DIRECTIONS FOR THIS TASK
On how many lines of the data below does the word "forall" appear? Reply with the number only.

PROVIDED MATERIAL
BEGIN

(* Every $K$-Lusin Rothberger space is $\sigma$-compact.
   Context: All spaces are completely regular. A space is $K$-Lusin if it is an injective continuous image of a Lindelöf Čech-complete space. $X$ is Rothberger if for every sequence $(\mathcal{U}_n)_{n<\omega}$ of open covers there are $U_n\in\mathcal{U}_n$ such that $\{U_n:n<\omega\}$ covers $X$. *)

From HB Require Import structures.
From mathcomp Require Import all_boot all_order all_algebra.
From mathcomp Require Import all_classical all_reals all_analysis borel_hierarchy.
From mathcomp Require Import urysohn.
Set Implicit Arguments. Unset Strict Implicit. Unset Printing Implicit Defensive.
Import Order.TTheory GRing.Theory Num.Theory.
Local Open Scope classical_set_scope.

(* "completely regular" in the paper's standing convention = Tychonoff
   (completely regular + Hausdorff/T1) *)
Definition tychonoff_space (X : topologicalType) : Prop :=
  completely_regular_space X /\ hausdorff_space X.

Definition open_cover (X : topologicalType) (C : set (set X)) : Prop :=
  (forall U, C U -> open U) /\ \bigcup_(U in C) U = setT.

Definition lindelof (X : topologicalType) : Prop :=
  forall C : set (set X), open_cover C ->
    exists D : set (set X), [/\ D `<=` C, countable D & \bigcup_(U in D) U = setT].

Definition embedding (X K : topologicalType) (e : X -> K) : Prop :=
  [/\ injective e, continuous e &
      forall U : set X, open U ->
        exists V : set K, open V /\ e @` U = range e `&` V].

(* Čech-complete: a Tychonoff space which is a G_delta in some
   (equivalently: every, e.g. the Stone-Čech) compactification *)
Definition cech_complete (X : topologicalType) : Prop :=
  tychonoff_space X /\
  exists (K : topologicalType) (e : X -> K),
    [/\ compact [set: K], hausdorff_space K, embedding e,
        dense (range e) & Gdelta (range e)].

Definition K_Lusin (X : topologicalType) : Prop :=
  exists (Y : topologicalType) (f : Y -> X),
    [/\ lindelof Y, cech_complete Y, continuous f, injective f &
        range f = setT].

Definition rothberger (X : topologicalType) : Prop :=
  forall Us : nat -> set (set X), (forall n, open_cover (Us n)) ->
    exists U : nat -> set X,
      (forall n, Us n (U n)) /\ \bigcup_n U n = setT.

END

YOUR RESPONSE
5